Testing Times

Homily at Cardiff’s “3 Churches” for the 17th Sunday in Ordinary Time, Year C

About once year I have a recurring anxiety dream. I’m back in seminary – priest training college – sitting my exams. Then I wake up and realise – phew – I’ve already been ordained, and it’s OK, I’ve passed the test to become a priest.

Few of us like being put to the test. But tests are important. Just this week one friend of mine passed her basic training to ride a motorcycle on a public road, and another, who is Spanish, passed his English Literacy test to work in a British school. I don’t think any of us would want our children taught by someone who doesn’t speak English well, and still less to encounter an untested rider on the highway. Tests force us to focus and to perform better.

In today’s Gospel, we hear Our Lord teaching us a very familiar prayer, but in unfamiliar language. Both St Luke – whose words we heard today – and St Matthew, recall how the disciples asked Jesus to teach them how to pray. Luke gives us a shorter version, but both Gospels, after asking forgiveness, say “do not put us to the test”. At least, that’s what they say in the English text of the Bible we use for our Mass readings.*

What did Jesus actually say to his disciples? Most likely he taught them in Aramaic, the later version of Hebrew spoken in Roman times. But the Gospels got written in Greek, and we have identical words in the earliest copies of Matthew and Luke. Three hundred years later, when the offical Latin Bible was written, those words were translated again, as “ne nos inducas in tentationem” – and if you know the Lord’s Prayer, or Pater Noster, in Latin, those words will still sound familiar today. Translations of the Bible as far back as the 14th century borrowed one of those Latin words into English as “temptation”.

Today, whenever we use the word “temptation”, it always has the sense of inviting someone to break a rule, do something unhealthy or commit a sin. You can even get a box of chocolates called Temptations! But that’s because the word has become more specialised over the centuries. The Latin word, and “temptation” when it first became an English word, could mean any kind of trial or test – a test of ability, a test of strength, or a test of moral character. Indeed, almost any kind of test will reveal something about our virtues and vices!

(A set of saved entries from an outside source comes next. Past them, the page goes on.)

(** * The operator D on Lambert series *)

Lemma fDn_lambert1 d c a b eps E m :
  (forall n, (0 < n)%N -> (n <= a n)%N) -> (forall n, (0 < n)%N -> (0 < b n)%N) ->
  (forall n j, (0 < n)%N -> (0 < j)%N -> (a n + j.-1 * b n)%N = E n j) ->
  fDn d (lambert c a b eps 1) m =
  dseries (fun n j => ((E n j)%:R / 2) ^+ d * (c n * eps ^+ j.-1)) E m.
Proof. by move=> ha hb hE; rewrite fDnE (lambert1_dseries _ _ _ _ E) // -fDnE fDn_dseries. Qed.

Lemma fDn_lambert_ABLM d c eps m :
  fDn d (lambert c (fun n => 2 * n)%N (fun n => 2 * n)%N eps 1) m =
  dseries (fun n j => (n%:R * j%:R) ^+ d * (c n * eps ^+ j.-1)) (fun n j => 2 * n * j)%N m.
Proof.
rewrite (fDn_lambert1 _ _ _ _ _ (fun n j => 2 * n * j)%N); try by move=> *; nia.
by apply: eq_dseries => // n j _ _; congr (_ ^+ _ * _); rewrite !natrM; field.
Qed.

Lemma fsq_fDn_lambert_ABLM d c eps m :
  fsq (fDn d (lambert c (fun n => 2 * n)%N (fun n => 2 * n)%N eps 1)) m =
  dseries (fun n j => (n%:R * j%:R) ^+ d * (c n * eps ^+ j.-1)) (fun n j => 2 * (2 * n * j))%N m.
Proof.
rewrite /fsq fDn_lambert_ABLM -/(fsq (dseries _ _) m).
by rewrite fsq_dseries // => n j hn hj; split; nia.
Qed.

Lemma fDn_lambert_CDNP d c eps m :
  fDn d (lambert c (fun n => 2 * n)%N (fun n => 4 * n)%N eps 1) m =
  dseries (fun n j => (n%:R * (odn j)%:R) ^+ d * (c n * eps ^+ j.-1))
    (fun n j => 2 * n * odn j)%N m.
Proof.
rewrite (fDn_lambert1 _ _ _ _ _ (fun n j => 2 * n * odn j)%N); try by move=> *; rewrite ?/odn; nia.
by apply: eq_dseries => // n j _ _; congr (_ ^+ _ * _); rewrite !natrM; field.
Qed.

Lemma fDn_lambert_FGQR d c eps m :
  fDn d (lambert c (fun n => 2 * odn n)%N (fun n => 2 * odn n)%N eps 1) m =
  dseries (fun n j => ((odn n)%:R * j%:R) ^+ d * (c n * eps ^+ j.-1))
    (fun n j => 2 * odn n * j)%N m.
Proof.
rewrite (fDn_lambert1 _ _ _ _ _ (fun n j => 2 * odn n * j)%N); try by move=> *; rewrite ?/odn; nia.
by apply: eq_dseries => // n j _ _; congr (_ ^+ _ * _); rewrite !natrM; field.
Qed.

Lemma fDn_lambert_HJTU d c eps m :
  fDn d (lambert c (fun n => odn n)%N (fun n => 2 * odn n)%N eps 1) m =
  dseries (fun n j => ((odn n)%:R * (odn j)%:R / 2) ^+ d * (c n * eps ^+ j.-1))
    (fun n j => odn n * odn j)%N m.
Proof.
rewrite (fDn_lambert1 _ _ _ _ _ (fun n j => odn n * odn j)%N); try by move=> *; rewrite ?/odn; nia.
by apply: eq_dseries => // n j _ _; rewrite !natrM.
Qed.

Lemma exprD_eq (x : rat) {n a b : nat} : n = (a + b)%N -> x ^+ n = x ^+ a * x ^+ b.
Proof. by move->; rewrite exprD. Qed.

Lemma leq_odn n : (0 < n)%N -> (n <= odn n)%N.
Proof. by rewrite /odn; lia. Qed.

Lemma serI_even s p m : (0 < s)%N ->
  ((2 * s).-1)`!%:R * serI (2 * s) (2 * p) m =
     \sum_(1 <= r < p.+1) tce s r * fsq (fDn (2 * r).-1 (serA (2 * p - 2 * r).+1)) m
   + \sum_(p.+1 <= r < s.+1) tce s r * fsq (fDn (2 * p) (serA (2 * r - 2 * p).-1)) m.
Proof.
move=> hs; have := lambert_even_tce (fun n => n%:R ^+ (2 * p)) 1 (fun n => 2 * n)%N
  _ (fun n => 4 * n)%N s m p.+1 hs (ltn0Sn p)
  (fun=> erefl) (fun n => esym (mulnA 2 2 n)) (fun n _ => leq_pmull n (ltn0Sn 1)).
rewrite expr1n mulr1 => ->.
congr (_ + _); apply: eq_big_nat => r /andP [hr1 hr2]; congr (_ * _).
- rewrite /serA fsq_fDn_lambert_ABLM; apply: eq_dseries => n J _ _; first nia.
  rewrite !expr1n !mulr1 exprMn.
  rewrite (exprD_eq n%:R (_ : 2 * p = (2 * r).-1 + (2 * p - 2 * r).+1)%N); [ring | lia].
- rewrite /serA fsq_fDn_lambert_ABLM [RHS]dseriesC; apply: eq_dseries => n J _ _; first nia.
  rewrite !expr1n !mulr1 exprMn.
  rewrite (exprD_eq J%:R (_ : (2 * r).-1 = 2 * p + (2 * r - 2 * p).-1)%N); [ring | lia].
Qed.

Lemma serI_odd s p m :
  (2 * s)`!%:R * serI (2 * s).+1 (2 * p).+1 m =
     \sum_(0 <= r < p.+1) 2 ^- (2 * r) * tco s r * fDn (2 * r) (serC (2 * p - 2 * r).+1) m
   + \sum_(p.+1 <= r < s.+1) 2 ^- (2 * r) * tco s r * fDn (2 * p).+1 (serF (2 * r - 2 * p).-1) m.
Proof.
have := lambert_odd_tco (fun n => n%:R ^+ (2 * p).+1) 1 (fun n => 2 * n)%N
  _ (fun n => 4 * n)%N s m p.+1
  (fun=> erefl) (fun n => esym (mulnA 2 2 n)) (fun n _ => leq_pmull n (ltn0Sn 1)).
rewrite expr1n mulr1 => ->.
congr (_ + _); apply: eq_big_nat => r /andP [hr1 hr2]; rewrite -mulrA mulrCA; congr (_ * _).
- rewrite /serC fDn_lambert_CDNP dseriesZ; apply: eq_dseries => // n J _ _.
  rewrite !expr1n !mulr1 expr_div_n exprMn.
  rewrite (exprD_eq n%:R (_ : (2 * p).+1 = 2 * r + (2 * p - 2 * r).+1)%N); [ring | lia].
- rewrite /serF fDn_lambert_FGQR dseriesZ [RHS]dseriesC; apply: eq_dseries => n J _ _; first nia.
  rewrite !expr1n !mulr1 expr_div_n exprMn.
  rewrite (exprD_eq (odn J)%:R (_ : 2 * r = (2 * p).+1 + (2 * r - 2 * p).-1)%N); [ring | lia].
Qed.

Lemma serII_even s p m : (0 < s)%N ->
  ((2 * s).-1)`!%:R * (-1) ^+ s.-1 * serII (2 * s) (2 * p) m =
     \sum_(1 <= r < p.+1) tce s r * fsq (fDn (2 * r).-1 (serL (2 * p - 2 * r).+1)) m
   + \sum_(p.+1 <= r < s.+1) tce s r * fsq (fDn (2 * p) (serB (2 * r - 2 * p).-1)) m.
Proof.
move=> hs; have -> := lambert_even_tce (fun n => n%:R ^+ (2 * p)) (-1) (fun n => 2 * n)%N
  _ (fun n => 4 * n)%N s m p.+1 hs (ltn0Sn p)
  (fun=> erefl) (fun n => esym (mulnA 2 2 n)) (fun n _ => leq_pmull n (ltn0Sn 1)).
congr (_ + _); apply: eq_big_nat => r /andP [hr1 hr2]; congr (_ * _).
- rewrite /serL fsq_fDn_lambert_ABLM; apply: eq_dseries => n J _ _; first nia.
  rewrite exprMn.
  rewrite (exprD_eq n%:R (_ : 2 * p = (2 * r).-1 + (2 * p - 2 * r).+1)%N); [ring | lia].
- rewrite /serB fsq_fDn_lambert_ABLM [RHS]dseriesC; apply: eq_dseries => n J _ _; first nia.
  rewrite /sgn expr1n mulr1 exprMn.
  rewrite (exprD_eq J%:R (_ : (2 * r).-1 = 2 * p + (2 * r - 2 * p).-1)%N); [ring | lia].
Qed.

Lemma serII_odd s p m :
  (2 * s)`!%:R * (-1) ^+ s * serII (2 * s).+1 (2 * p) m =
     \sum_(0 <= r < p) 2 ^- (2 * r) * tco s r * fDn (2 * r) (serN (2 * p - 2 * r)) m
   + \sum_(p <= r < s.+1) 2 ^- (2 * r) * tco s r * fDn (2 * p) (serG (2 * r - 2 * p)) m.
Proof.
have -> := lambert_odd_tco (fun n => n%:R ^+ (2 * p)) (-1) (fun n => 2 * n)%N
  _ (fun n => 4 * n)%N s m p
  (fun=> erefl) (fun n => esym (mulnA 2 2 n)) (fun n _ => leq_pmull n (ltn0Sn 1)).
congr (_ + _); apply: eq_big_nat => r /andP [hr1 hr2]; rewrite -mulrA mulrCA; congr (_ * _).
- rewrite /serN fDn_lambert_CDNP dseriesZ; apply: eq_dseries => // n J _ _.
  rewrite expr_div_n exprMn.
  rewrite (exprD_eq n%:R (_ : 2 * p = 2 * r + (2 * p - 2 * r))%N); [ring | lia].
- rewrite /serG fDn_lambert_FGQR dseriesZ [RHS]dseriesC; apply: eq_dseries => n J _ _; first nia.
  rewrite /sgn expr1n mulr1 expr_div_n exprMn.
  rewrite (exprD_eq (odn J)%:R (_ : 2 * r = 2 * p + (2 * r - 2 * p))%N); [ring | lia].
Qed.

Lemma serIII_even s p m : (0 < s)%N ->
  ((2 * s).-1)`!%:R * serIII (2 * s) (2 * p) m =
     \sum_(1 <= r < p.+1) tce s r * fDn (2 * r).-1 (serF (2 * p - 2 * r).+1) m
   + \sum_(p.+1 <= r < s.+1) tce s r * fDn (2 * p) (serC (2 * r - 2 * p).-1) m.
Proof.
move=> hs; have := lambert_even_tce (fun n => (odn n)%:R ^+ (2 * p)) 1 odn
  _ (fun n => 2 * odn n)%N s m p.+1 hs (ltn0Sn p)
  (fun=> erefl) (fun=> erefl) leq_odn.
rewrite expr1n mulr1 => ->.
congr (_ + _); apply: eq_big_nat => r /andP [hr1 hr2]; congr (_ * _).
- rewrite /serF fDn_lambert_FGQR; apply: eq_dseries => n J _ _; first nia.
  rewrite !expr1n !mulr1 exprMn.
  rewrite (exprD_eq (odn n)%:R (_ : 2 * p = (2 * r).-1 + (2 * p - 2 * r).+1)%N); [ring | lia].
- rewrite /serC fDn_lambert_CDNP [RHS]dseriesC; apply: eq_dseries => n J _ _; first nia.
  rewrite !expr1n !mulr1 exprMn.
  rewrite (exprD_eq J%:R (_ : (2 * r).-1 = 2 * p + (2 * r - 2 * p).-1)%N); [ring | lia].
Qed.

Lemma serIII_odd s p m :
  (2 * s)`!%:R * serIII (2 * s).+1 (2 * p).+1 m =
     \sum_(0 <= r < p.+1) tco s r * fDn (2 * r) (serH (2 * p - 2 * r).+1) m
   + \sum_(p.+1 <= r < s.+1) 2 ^- (2 * r - 2 * p - 1) * tco s r *
       fDn (2 * p).+1 (serH (2 * r - 2 * p).-1) m.
Proof.
have := lambert_odd_tco (fun n => (odn n)%:R ^+ (2 * p).+1) 1 odn
  _ (fun n => 2 * odn n)%N s m p.+1
  (fun=> erefl) (fun=> erefl) leq_odn.
rewrite expr1n mulr1 => ->.
congr (_ + _); apply: eq_big_nat => r /andP [hr1 hr2].
- congr (_ * _); rewrite /serH fDn_lambert_HJTU; apply: eq_dseries => // n J _ _.
  rewrite !expr1n !mulr1 !expr_div_n exprMn.
  rewrite (exprD_eq (odn n)%:R (_ : (2 * p).+1 = 2 * r + (2 * p - 2 * r).+1)%N); [ring | lia].
- rewrite -mulrA mulrCA; congr (_ * _).
  rewrite /serH fDn_lambert_HJTU dseriesZ [RHS]dseriesC; apply: eq_dseries => n J _ _; first nia.
  rewrite !expr1n !mulr1 !expr_div_n exprMn.
  rewrite (_ : 2 * r - 2 * p - 1 = (2 * r - 2 * p).-1)%N; last lia.
  rewrite (exprD_eq (odn J)%:R (_ : 2 * r = (2 * p).+1 + (2 * r - 2 * p).-1)%N); last lia.
  rewrite (exprD_eq (2 : rat) (_ : 2 * r = (2 * p).+1 + (2 * r - 2 * p).-1)%N) ?invfM; [ring | lia].
Qed.

Lemma serIV_even s p m : (0 < s)%N ->
  ((2 * s).-1)`!%:R * (-1) ^+ s.-1 * serIV (2 * s) (2 * p) m =
     \sum_(1 <= r < p.+1) tce s r * fDn (2 * r).-1 (serQ (2 * p - 2 * r).+1) m
   + \sum_(p.+1 <= r < s.+1) tce s r * fDn (2 * p) (serD (2 * r - 2 * p).-1) m.
Proof.
move=> hs; have -> := lambert_even_tce (fun n => (odn n)%:R ^+ (2 * p)) (-1) odn
  _ (fun n => 2 * odn n)%N s m p.+1 hs (ltn0Sn p)
  (fun=> erefl) (fun=> erefl) leq_odn.
congr (_ + _); apply: eq_big_nat => r /andP [hr1 hr2]; congr (_ * _).
- rewrite /serQ fDn_lambert_FGQR; apply: eq_dseries => n J _ _; first nia.
  rewrite exprMn.
  rewrite (exprD_eq (odn n)%:R (_ : 2 * p = (2 * r).-1 + (2 * p - 2 * r).+1)%N); [ring | lia].
- rewrite /serD fDn_lambert_CDNP [RHS]dseriesC; apply: eq_dseries => n J _ _; first nia.
  rewrite /sgn expr1n mulr1 exprMn.
  rewrite (exprD_eq J%:R (_ : (2 * r).-1 = 2 * p + (2 * r - 2 * p).-1)%N); [ring | lia].
Qed.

“Pray not to be put to the test.” When Jesus took Peter, James and John to the Garden of Gethsemane, he spoke to them in very similar words. Then they were both tested and tempted. Our Lord was arrested. Would they use violence? Jesus had to tell Peter to put away his sword. Would they deny following Jesus? Three times, before the cock crew, Simon Peter had sworn “I do not know the man!” Most of the apostles fled Calvary, leaving only Our Lady and St John the Beloved at the foot of the cross. Would they believe his prophecies that he would rise from the dead? The joyful words of St Mary Magdalen were scorned at first before the Risen Lord confirmed the truth to his sorely tested disciples.

So when you pray, ask your Father in heaven… well, what exactly? Are we asking Him not to tempt us to sin? Or not to test us in ways where our own weaknesses, with or without help from the Devil, are likely to lead us to sin? At the end of 2017, Pope Francis gave a media interview where he stressed that it is not God, but the Enemy, who tempts us to do evil. Since then, you may have seen irate internet posts from Protestant leaders attacking the Pope for “changing the words of Jesus”.

Of course the Pope isn’t seeking to change anything Our Lord said – he’s only asking how we can best express that in our own everyday language. The Bible text we read at Mass is from a 20th Century translation. “Do not put us to the test” is the best way to put Our Lord’s words into modern English. But when we pray the Lord’s Prayer, we aren’t praying in modern English, we’re praying in words that have been largely unchanged for centuries. People don’t like being asked to unlearn old familiar prayers – I’m sure we didn’t when the Missal was updated a decade ago – and “lead us not into temptation” are some of the best known words in the English language.

If we turn to another part of the Bible, the Letter of St James, we read that “God cannot be tempted by evil, nor does God tempt anyone.” But God certainly does test his faithful people. In today’s first reading, God has sent angels to warn Abraham about the destruction of Sodom. Abraham passes this test by asking God to have mercy even if there are 10 good souls in the town – but there aren’t. The whole of the Bible is about God testing human beings. Will Adam and Eve touch the forbidden tree? Will Abraham sacrifice his son Isaac? Will Moses tell Pharaoh “Let God’s people go?” Will Jonah prophesy to Nineveh? Will Mary say yes to Gabriel? Will Jesus flee from the Garden of Gethsemane? Will you and I use the talents God has entrusted to us to help needy people and grow God’s church?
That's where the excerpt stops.